It’s Pollinator Week!
Supporting pollinators takes more than just planting flowers.
The landscape design world is buzzing with advice for supporting native pollinators. There have been significant efforts by conservation organizations to raise awareness around the importance of supporting our native invertebrates. The Xerces Society published a list of 58 native bee species that are in decline or vulnerable, and recently documented declines in monarch butterfly populations have triggered petitions to add them to the endangered species act. For the home gardener, many nurseries and organizations like the New England Wild Flower Society publish a wealth of information about plants that support pollinators. In Western Massachusetts, you can even join other enthusiasts and register your pollinator garden with a local initiative to map pollinator habitat.

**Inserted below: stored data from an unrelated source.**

(* Comparing m = 0 with m = 1 isolates the constant coefficient (h_2(1) - h_2(0) = 1),
   and m = n m' reduces to the remaining coefficients. *)
Lemma polyapp_eq0_of_inner_hk2_eq0 n cs x : (2 <= n)%nat ->
  (forall m, poly_basis_inner n cs (hk 2) m = RtoC 0) ->
  polyapp (Wn_adj n) cs x = (fun _ => RtoC 0).
Proof.
  intros Hn. revert x. induction cs as [|c cs IH]; intros x Hzero; simpl; [reflexivity|].
  assert (Hc : c = RtoC 0).
  { pose proof (Hzero 1%nat) as H1. pose proof (Hzero 0%nat) as H0.
    cbn [poly_basis_inner] in H1, H0. rewrite !Cconj_hk in H1, H0.
    rewrite Nat.div_small in H1 by lia. rewrite Nat.Div0.div_0_l in H0. rewrite hk2_1 in H1.
    replace c with ((c * (hk 2 0%nat + RtoC 1) + poly_basis_inner n cs (hk 2) 0)
                    - (c * hk 2 0%nat + poly_basis_inner n cs (hk 2) 0))%C by ring.
    rewrite H1, H0. ring. }
  rewrite IH.
  - apply functional_extensionality. intros i. rewrite Hc. ring.
  - intros m. pose proof (Hzero (n * m)%nat) as Hm. cbn [poly_basis_inner] in Hm.
    rewrite Nat.mul_comm, Nat.div_mul, Hc in Hm by lia. rewrite <- Hm. ring.
Qed.

Lemma Cmod_poly_basis_inner_hk2_le n cs x m eps : (1 <= n)%nat -> 0 < eps ->
  is_series (fun j => polyapp (Wn_adj n) cs x j * Cconj (hk 2 j))%C (RtoC 0) ->
  sqnorm_le (fun i => x i - basis m i)%C (eps ^ 2) ->
  Cmod (poly_basis_inner n cs (hk 2) m) <= (1 + (polyapp_bound n cs + 8) / 2) * eps.
Proof.
  intros Hn Heps Horth Hclose.
  destruct (is_series_csum_close _ _ eps Horth Heps) as [N0 HN0].
  set (N := Nat.max N0 (S m)). specialize (HN0 N ltac:(lia)).
  set (y := polyapp (Wn_adj n) cs x) in *.
  set (A := csum N (fun j => y j * Cconj (hk 2 j))%C) in *.
  replace (A - RtoC 0)%C with A in HN0 by ring.
  assert (Hdiff : Cmod (csum N (fun i => polyapp (Wn_adj n) cs (fun i => x i - basis m i)%C i
                                          * Cconj (hk 2 i))%C)
                  <= (polyapp_bound n cs + 8) / 2 * eps).
  { apply Cmod_csum_mul_conj_le; [exact Heps | | exact sqnorm_le_hk2].
    apply sqnorm_le_polyapp, Hclose. }
  rewrite (csum_ext N _ (fun i => y i * Cconj (hk 2 i)
                          - polyapp (Wn_adj n) cs (basis m) i * Cconj (hk 2 i))%C) in Hdiff
    by (intros; unfold y; rewrite polyapp_sub; ring).
  rewrite csum_minus, csum_polyapp_basis in Hdiff by lia. fold A in Hdiff.
  replace (poly_basis_inner n cs (hk 2) m) with (A - (A - poly_basis_inner n cs (hk 2) m))%C
    by ring.
  eapply Rle_trans; [apply Cmod_triangle|]. rewrite Cmod_opp. lra.
Qed.

Lemma eq_0_of_le_mul_eps z K : 0 <= z -> 0 < K ->
  (forall eps, 0 < eps -> z <= K * eps) -> z = 0.
Proof.
  intros Hz HK H. apply Rle_antisym; [|exact Hz].
  apply Rnot_lt_le. intros Hpos.
  specialize (H (z / (2 * K)) ltac:(apply Rdiv_lt_0_compat; lra)).
  replace (K * (z / (2 * K))) with (z / 2) in H by (field; lra). lra.
Qed.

At Regenerative Design Group, we incorporate pollinator habitat plants into all of our designs. We have installed pollinator meadows on family farms, designed urban pollinator strips, and incorporated pollinator-friendly species into campus master plans, healing gardens, urban farms, and residential yards. Many of the species in these designs are attractive, native flowering plants, trees, and clumping grasses. It is easy to love a colorful flower garden, and installing a “pollinator” specific flower garden is an asset for educational institutions and public spaces that want to play an active role in community engagement. However, to truly support the life cycles of these very important insects, there are more actions we need to take than just planting beautiful flowers like Echinacea purpurea and Monarda fistulosa. Here are five things that every homeowner or landscaping crew should do after planting a pollinator garden.

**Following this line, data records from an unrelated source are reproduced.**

(* Let $\lambda\in(0,1/e)$, $\gamma>0$, $A\subset\mathbb{C}$, and let $f$ be a bilipschitz mapping, i.e. there exist $0<c<C<\infty$ with $c\leq|f(x)-f(y)|/|x-y|\leq C$ for all $x\neq y$. If $\mathcal{H}^{h_{\lambda,\gamma}}(A)=0$, then $\mathcal{H}^{h_{\lambda,\gamma}}(f(A))=0$; if $\mathcal{H}^{h_{\lambda,\gamma}}(A)=\infty$, then $\mathcal{H}^{h_{\lambda,\gamma}}(f(A))=\infty$.
   Context: For $\lambda\in(0,1/e)$ let $E_\lambda(z)=\lambda e^z$; it has a unique real repelling fixed point $\beta_\lambda$. Let $L_\lambda$ be the entire function with $L_\lambda(0)=\beta_\lambda$, $L_\lambda'(0)=1$ and $E_\lambda(L_\lambda(z))=L_\lambda(\beta_\lambda z)$ for all $z$, and let $\Phi_\lambda=(L_\lambda|_{\mathbb{R}})^{-1}$ (an increasing function tending to $\infty$). The gauge function is $h_{\lambda,\gamma}(t)=t^2\Phi_\lambda(1/t)^\gamma$ for small $t>0$ and $h_{\lambda,\gamma}(0)=0$. For a gauge function $h$ and $A\subset\mathbb{C}$, $\mathcal{H}^h(A)=\lim_{\delta\to0}\inf\{\sum_i h(\operatorname{diam}A_i): A\subset\bigcup_i A_i,\ \operatorname{diam}A_i<\delta\}$. *)

From Stdlib Require Import Reals.
From Coquelicot Require Import Coquelicot.
Open Scope R_scope.

Definition Cexp (z : C) : C :=
  (exp (fst z) * cos (snd z), exp (fst z) * sin (snd z)).

Definition E_lam (lam : R) (z : C) : C := Cmult (RtoC lam) (Cexp z).

Definition entire (g : C -> C) : Prop :=
  forall z : C, ex_derive (K := C_AbsRing) (V := C_NormedModule) g z.

Definition gauge (Phi : R -> R) (gam : R) (t : R) : R :=
  if Rle_dec t 0 then 0 else t ^ 2 * Rpower (Phi (/ t)) gam.

(* diameter of a subset of C (diam of the empty set is 0) *)
Definition diam (A : C -> Prop) : Rbar :=
  Lub_Rbar (fun r => r = 0 \/ exists x y, A x /\ A y /\ r = Cmod (Cminus x y)).

(* H^h_delta(A): infimum of sum_i h(diam A_i) over countable covers with
   diam A_i < delta (finite covers are included by padding with empty sets) *)
Definition Hdelta (h : R -> R) (delta : R) (A : C -> Prop) : Rbar :=
  Glb_Rbar (fun s : R => exists U : nat -> C -> Prop,
    (forall z, A z -> exists i, U i z) /\
    (forall i, Rbar_lt (diam (U i)) delta) /\
    is_series (fun i => h (real (diam (U i)))) s).

(* H^h(A) = lim_{delta -> 0} H^h_delta(A) = sup_{delta > 0} H^h_delta(A)
   (H^h_delta is nonincreasing in delta) *)
Definition Hmeas (h : R -> R) (A : C -> Prop) : Rbar :=
  Lub_Rbar (fun r => exists delta, 0 < delta /\ Rbar_le r (Hdelta h delta A)).

Definition image (f : C -> C) (A : C -> Prop) : C -> Prop :=
  fun w => exists z, A z /\ w = f z.

From Stdlib Require Import Reals Lra Classical ClassicalEpsilon.
From Coquelicot Require Import Coquelicot.
Open Scope R_scope.

(* If g is Lc-Lipschitz on X, a cover of X by sets U_i of diameter d_i yields a
   cover of g(X) by the sets g(X ∩ U_i) ∪ (g(X ∩ U_i) + d_i), whose diameters t_i
   satisfy d_i <= t_i <= (Lc + 1) d_i unless X ∩ U_i is empty.  Since Phi is eventually
   positive and increasing, h(t) = t^2 Phi(1/t)^gamma obeys h(t) <= (Lc + 1)^2 h(d)
   for such t and small d, so H^h(g(X)) <= (Lc + 1)^2 H^h(X).  Applying this to f
   and to its inverse on f(A) gives both claims.  Phi is eventually positive and
   increasing because L is real, continuous and injective on the real line,
   with L(0) = beta, L'(0) = 1, and L(beta^n x) grows at least linearly in n by
   the functional equation L(beta x) = lambda e^(L x). *)

Lemma Cmod_Cminus_shift (u v : C) (r s : R) :
  Cmod (Cminus (Cplus u (RtoC r)) (Cplus v (RtoC s))) <= Cmod (Cminus u v) + Rabs (r - s).
Proof.
  replace (Cminus (Cplus u (RtoC r)) (Cplus v (RtoC s)))
    with (Cplus (Cminus u v) (RtoC (r - s))) by (rewrite RtoC_minus; ring).
  rewrite <- Cmod_R. apply Cmod_triangle.
Qed.

Lemma Cmod_Cminus_shift_same (u : C) (r s : R) :
  Cmod (Cminus (Cplus u (RtoC r)) (Cplus u (RtoC s))) = Rabs (r - s).
Proof.
  replace (Cminus (Cplus u (RtoC r)) (Cplus u (RtoC s))) with (RtoC (r - s))
    by (rewrite RtoC_minus; ring).
  apply Cmod_R.
Qed.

1. Mow less, and less often.
Reducing the amount of lawn opens up more space for a larger variety of plants, increasing the biodiversity of the site and reducing the amount of fossil fuels burned in lawnmowers. However, lawns provide valuable social spaces for people and their pets, and it is not desirable to eliminate them from every residence or public space. This study that we recently shared shows that minor adjustments to HOW we mow can turn a lawn into valuable pollinator habitat. Mowing no more often than every two weeks allows small flowering species in lawns to bloom, increasing pollinator presence by 250%. Mowing other areas only once or twice a season invites an even broader variety of meadow species to establish.

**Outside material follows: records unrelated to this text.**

Definition dually_flat (U : set 'rV[R]_n) (F : 'rV[R]_n -> 'rV[R]_n -> R) : Prop :=
  forall x y, U x -> y != 0 ->
    (forall k, derivable (fun x' => Fsq F x' y) x (ebasis k)) /\
    (forall k l, derivable (fun y' => Fsq_x F k x y') y (ebasis l)) /\
    (forall l, \sum_(k < n) Fsq_xy F k l x y * y 0 k - 2 * Fsq_x F l x y = 0).

(* The ball B^n(r_mu), r_mu = 1/sqrt(-mu) if mu < 0, +oo otherwise *)
Definition ball_rmu (mu : R) : set 'rV[R]_n :=
  [set x | mu < 0 -> enorm x < 1 / Num.sqrt (- mu)].

Definition randers_F (mu lam : R) (x y : 'rV[R]_n) : R :=
  let q := Num.sqrt (Num.sqrt (1 + (mu + lam ^+ 2) * enorm2 x)) in
  let d := 1 + mu * enorm2 x in
  q * Num.sqrt (d * enorm2 y - mu * edot x y ^+ 2) / d
  + lam * edot x y / (d * q).

End Defs.

(* Write s = |x|^2, t = <x,y>, u = |y|^2, d = 1 + mu s, w = 1 + (mu + lam^2) s and
   A = sqrt (d u - mu t^2).  Then F = alpha(s) A + beta(s) t with alpha = w^(1/4) / d
   and beta = lam / (d w^(1/4)), so [F^2]_{x^k} = 2 F (2 phi_s x^k + phi_t y^k) where
   phi_s, phi_t are the partial derivatives of F in s and t.  This is linear in the
   direction e_k, so the contraction with y^k in the flatness condition just replaces
   e_k by y, and the condition becomes one rational identity in alpha, beta, their
   derivatives, A, t, u, x^l and y^l.  That identity holds as soon as
   4 alpha alpha' d + 3 mu alpha^2 = beta^2 and (alpha beta d^2)' = 0 (indeed
   alpha beta d^2 = lam), which the closed forms of alpha and beta satisfy.  On the
   ball d > 0, w > 0 and d u - mu t^2 > 0 for y <> 0 (Cauchy-Schwarz), so every
   square root is differentiated where it is smooth. *)

From HB Require Import structures.
From mathcomp Require Import all_boot all_order all_algebra.
From mathcomp Require Import all_classical all_reals all_analysis.
From mathcomp Require Import ring lra.
Import Order.TTheory GRing.Theory Num.Theory.
Import numFieldNormedType.Exports.
Local Open Scope ring_scope.

Set Implicit Arguments. Unset Strict Implicit.

Section DirectionalDerivative.
Context {R : realType} {V : normedModType R}.
Implicit Types (f g : V -> R) (x v : V).

Lemma derive_along_line f x v :
  'D_v f x = 'D_(1:R) (fun h : R => f (h *: v + x)) (0:R).
Proof.
rewrite /derive; congr (lim _).
set g1 := fun h => h^-1 *: _; set g2 := fun h => h^-1 *: _.
suff -> : g1 = g2 by [].
by rewrite funeqE /g1 /g2 => h /=; rewrite addr0 scale0r add0r [_%:A]mulr1.
Qed.

Lemma is_derive_along_line f x v df :
  is_derive x v f df <-> is_derive (0:R) (1:R) (fun h : R => f (h *: v + x)) df.
Proof.
split=> -[fxv dfE].
  by apply: DeriveDef; [exact: (proj1 (derivable1P f x v)) | rewrite -derive_along_line].
by apply: DeriveDef; [exact: (proj2 (derivable1P f x v)) | rewrite derive_along_line].
Qed.

(* Pointwise forms of the library rules: stated on [fun z => ...] and with [*]
   instead of [*:], so that [is_derive_eq] side goals close by [ring]/[field]. *)

Lemma is_derive_cst_pw (a : R) x v : is_derive x v (fun _ : V => a) 0.
Proof. exact: is_derive_cst. Qed.

Lemma is_deriveD_pw f g x v df dg : is_derive x v f df -> is_derive x v g dg ->
  is_derive x v (fun z => f z + g z) (df + dg).
Proof. exact: is_deriveD. Qed.

Lemma is_deriveN_pw f x v df : is_derive x v f df -> is_derive x v (fun z => - f z) (- df).
Proof. exact: is_deriveN. Qed.

Lemma is_deriveM_pw f g x v df dg : is_derive x v f df -> is_derive x v g dg ->
  is_derive x v (fun z => f z * g z) (f x * dg + g x * df).
Proof. exact: is_deriveM. Qed.

Lemma is_derive_comp_pw f (g : R -> R) x v df dg :
  is_derive x v f df -> is_derive (f x) 1 g dg ->
  is_derive x v (fun z => g (f z)) (dg * df).
Proof.
move=> /is_derive_along_line fdf gdg; apply/is_derive_along_line.
apply: (@is_derive1_comp R g (fun h : R => f (h *: v + x))) => //.
by rewrite /= scale0r add0r.
Qed.

Lemma is_derive_sqrt_pw f x v df : is_derive x v f df -> 0 < f x ->
  is_derive x v (fun z => Num.sqrt (f z)) (df / (2 * Num.sqrt (f x))).
Proof.
by move=> fdf fx_gt0; rewrite mulrC; apply: is_derive_comp_pw fdf _; exact: is_derive1_sqrt.
Qed.

Lemma is_deriveV_pw f x v df : is_derive x v f df -> f x != 0 ->
  is_derive x v (fun z => (f z)^-1) (- df / f x ^+ 2).
Proof.
move=> [fxv dfE] fx_neq0; apply: DeriveDef; first exact: derivableV.
by rewrite deriveV // dfE [LHS]mulNr mulrC mulNr.
Qed.

End DirectionalDerivative.

Section Euclidean.
Context {R : realType} {n : nat}.
Implicit Types (x y z v : 'rV[R]_n).

Lemma edotC x y : edot x y = edot y x.
Proof. by apply: eq_bigr => i _; rewrite mulrC. Qed.

Lemma edotDl x z y : edot (x + z) y = edot x y + edot z y.
Proof. by rewrite /edot -big_split; apply: eq_bigr => i _; rewrite !mxE mulrDl. Qed.

Lemma edotZl (a : R) x y : edot (a *: x) y = a * edot x y.
Proof. by rewrite /edot mulr_sumr; apply: eq_bigr => i _; rewrite !mxE mulrA. Qed.

Lemma edotDr x y z : edot x (y + z) = edot x y + edot x z.
Proof. by rewrite edotC edotDl !(edotC _ x). Qed.

Lemma edotZr (a : R) x y : edot x (a *: y) = a * edot x y.
Proof. by rewrite edotC edotZl edotC. Qed.

Lemma edot0r x : edot x 0 = 0.
Proof. by rewrite /edot big1 // => i _; rewrite mxE mulr0. Qed.

Lemma edot_ebasisr x k : edot x (@ebasis R n k) = x 0 k.
Proof.
rewrite /edot (bigD1 k) //= big1 => [|i ik]; rewrite /ebasis !mxE ?eqxx /=.
  by rewrite mulr1 addr0.
by rewrite (negbTE ik) mulr0.
Qed.

Lemma edot_ebasisl x k : edot (@ebasis R n k) x = x 0 k.
Proof. by rewrite edotC edot_ebasisr. Qed.

Lemma sum_edot_ebasisr x y : \sum_(k < n) edot x (@ebasis R n k) * y 0 k = edot x y.
Proof. by apply: eq_bigr => k _; rewrite edot_ebasisr. Qed.

Lemma sum_edot_ebasisl x y : \sum_(k < n) edot (@ebasis R n k) x * y 0 k = edot y x.
Proof. by rewrite edotC -sum_edot_ebasisr; apply: eq_bigr => k _; rewrite edotC. Qed.

Lemma enorm2_ge0 x : 0 <= enorm2 x.
Proof. by apply: sumr_ge0 => i _; rewrite -expr2 sqr_ge0. Qed.

Lemma enorm2_gt0 x : x != 0 -> 0 < enorm2 x.
Proof.
move=> x_neq0; rewrite lt_def enorm2_ge0 andbT; apply: contra x_neq0 => /eqP x0.
apply/eqP/matrixP => i j; rewrite ord1 mxE.
have /eqP : x 0 j * x 0 j = 0.
  by apply: (psumr_eq0P _ x0) => // k _; rewrite -expr2 sqr_ge0.
by rewrite mulf_eq0 orbb => /eqP.
Qed.

Lemma edot_sqr_le x y : edot x y ^+ 2 <= enorm2 x * enorm2 y.
Proof.
have [->|y_neq0] := eqVneq y 0.
  by rewrite /enorm2 !edot0r mulr0 expr0n.
have u_gt0 := enorm2_gt0 y_neq0.
have := enorm2_ge0 (enorm2 y *: x - edot x y *: y).
rewrite /enorm2 -!scaleNr !edotDl !edotDr !edotZl !edotZr (edotC y x) => h.
have : 0 <= edot y y * (edot x x * edot y y - edot x y ^+ 2).
  by move: h; congr (_ <= _); ring.
by rewrite pmulr_rge0 // subr_ge0.
Qed.

Lemma is_derive_quadratic_at0 (a b c : R) :
  is_derive (0:R) (1:R) (fun h : R => a * (h * h) + b * h + c) b.
Proof.
by apply: is_derive_eq; rewrite !scale0r !addr0 scaler0 add0r; exact: mulr1.
Qed.

Lemma is_derive_edotl x y v : is_derive x v (fun z => edot z y) (edot v y).
Proof.
apply/is_derive_along_line.
have -> : (fun h : R => edot (h *: v + x) y) = (fun h => 0 * (h * h) + edot v y * h + edot x y).
  by apply/funext => h; rewrite edotDl edotZl mul0r add0r mulrC.
exact: is_derive_quadratic_at0.
Qed.

Lemma is_derive_edotr x y v : is_derive y v (fun z => edot x z) (edot x v).
Proof.
under eq_fun do rewrite edotC.
by rewrite edotC; exact: is_derive_edotl.
Qed.

Lemma is_derive_enorm2 x v : is_derive x v (fun z => enorm2 z) (2 * edot x v).
Proof.
apply/is_derive_along_line.
have -> : (fun h : R => enorm2 (h *: v + x)) =
    (fun h => edot v v * (h * h) + 2 * edot x v * h + edot x x).
  apply/funext => h.
  by rewrite /enorm2 edotDl !edotDr !edotZl !edotZr (edotC v x); ring.
exact: is_derive_quadratic_at0.
Qed.

End Euclidean.

(* [a], [b] stand for alpha(s), beta(s), [A] for sqrt (d u - mu t^2) and [p], [q] for
   <x,v>, <y,v>; [Ps], [Pt] are the partial derivatives of F in s and t, and the
   [d]-prefixed terms are derivatives in y along v. *)
Lemma randers_flat_identity (R : realFieldType) (a a' b b' d mu A t u p q : R) :
  A != 0 -> a != 0 -> d != 0 ->
  A ^+ 2 = d * u - mu * t ^+ 2 ->
  4 * a * a' * d + 3 * a ^+ 2 * mu - b ^+ 2 = 0 ->
  a' * b * d + a * b' * d + 2 * a * b * mu = 0 ->
  let F := a * A + b * t in
  let Ps := a' * A + a * mu * u / (2 * A) + b' * t in
  let Pt := - (a * mu * t / A) + b in
  let dA := (d * (2 * q) - mu * (2 * t * p)) / (2 * A) in
  let dF := a * dA + b * p in
  let dPs := a' * dA + a * mu * (2 * q) / (2 * A) - a * mu * u * dA / (2 * A ^+ 2) + b' * p in
  let dPt := - (a * mu * p / A) + a * mu * t * dA / A ^+ 2 in
  2 * dF * (Ps * (2 * t) + Pt * u) + 2 * F * (dPs * (2 * t) + dPt * u + Pt * q)
    = 2 * (2 * F * (Ps * (2 * p) + Pt * q)).
Proof.
move=> A_neq0 a_neq0 d_neq0 AE alpha_eq beta_eq F Ps Pt dA dF dPs dPt.
have uE : u = (A ^+ 2 + mu * t ^+ 2) / d by rewrite AE; field.
have a'E : a' = (b ^+ 2 - 3 * a ^+ 2 * mu) / (4 * a * d).
  apply: (mulIf (_ : 4 * a * d != 0)); first by rewrite !mulf_neq0.
  by rewrite divfK ?mulf_neq0 //; apply/eqP; rewrite -subr_eq0 -alpha_eq; apply/eqP; ring.
have b'E : b' = - (a' * b * d + 2 * a * b * mu) / (a * d).
  apply: (mulIf (_ : a * d != 0)); first by rewrite mulf_neq0.
  by rewrite divfK ?mulf_neq0 //; apply/eqP; rewrite -subr_eq0 -beta_eq; apply/eqP; ring.
rewrite /dPs /dPt /dF /dA /Ps /Pt /F b'E a'E uE.
by field; rewrite A_neq0 d_neq0 a_neq0.
Qed.

Section RandersCoefficients.
Context {R : realType} (mu lam : R).
Implicit Types (s : R).

Definition dmu s := 1 + mu * s.
Definition wlam s := 1 + (mu + lam ^+ 2) * s.
Definition qroot s := Num.sqrt (Num.sqrt (wlam s)).
Definition alpha s := qroot s / dmu s.
Definition beta s := lam / (dmu s * qroot s).

Definition qroot' s := (mu + lam ^+ 2) / (2 * Num.sqrt (wlam s)) / (2 * qroot s).
Definition alpha' s := qroot' s / dmu s - qroot s * mu / dmu s ^+ 2.
Definition beta' s := - (lam * (mu * qroot s + dmu s * qroot' s)) / (dmu s * qroot s) ^+ 2.

Lemma is_derive_affine (a b s : R) : is_derive s (1:R) (fun r : R => a + b * r) b.
Proof.
apply: (is_derive_eq (is_deriveD_pw (is_derive_cst_pw a s 1)
  (is_deriveM_pw (is_derive_cst_pw b s 1) (is_derive_id s 1)))).
by rewrite mulr1 mulr0 addr0 add0r.
Qed.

2. Provide safe overwintering places.
Native bees and butterflies require a diversity of overwintering habitats. Ground bees burrow into the ground, whereas some butterflies like the Eastern Tiger Swallowtail (Papilio glaucus) might spend the winter in chrysalis form. Native grasses like Little Bluestem (Schizachyrium scoparium) provide food for butterfly larva in the spring and overwintering habitat for ground bees in the winter – but only if the grasses are left intact until the early spring! Some principles for good winter garden maintenance include lightly mulching with ground leaves instead of bark mulch in the fall (bees cannot burrow their way out of heavy bark mulch), and pruning back dead grasses and perennials in the early spring instead of the fall.
3. Eliminate pesticide use.
All pesticides have the potential to kill unintended beneficial insects, and some pesticides, like neonicotinoids, are absorbed by nearby plants and can then poison pollinators through nectar and pollen. Ask nurseries if they can certify that their plants are neonicotinoid free, and use organic pest management systems like buying beneficial insects for your garden instead of spraying.
4. Don’t panic when you find holes in leaves: caterpillars become butterflies!
When you notice leaves missing on plants like Asclepias tuberosa or Baptisia australis, that might be a cause for celebration instead of distress. Many popular garden plants are hosts for butterfly larva, and signs of munching may indicate the presence of a beneficial pollinators in their adolescent caterpillar form. Send photographs of the damage and any larva or insects to a local gardening club or university extension to help identify the muncher before deciding if it needs to be eradicated or not.
5. Boost food in the shoulder seasons.
The earliest and latest blooms of the season provide much-needed nectar for bees that are just emerging from hibernation, or stocking up on calories to get them through a long winter. Making the space for a few “shoulder season” plants like late blooming asters or early spring violets can make a difference for the survival of some species.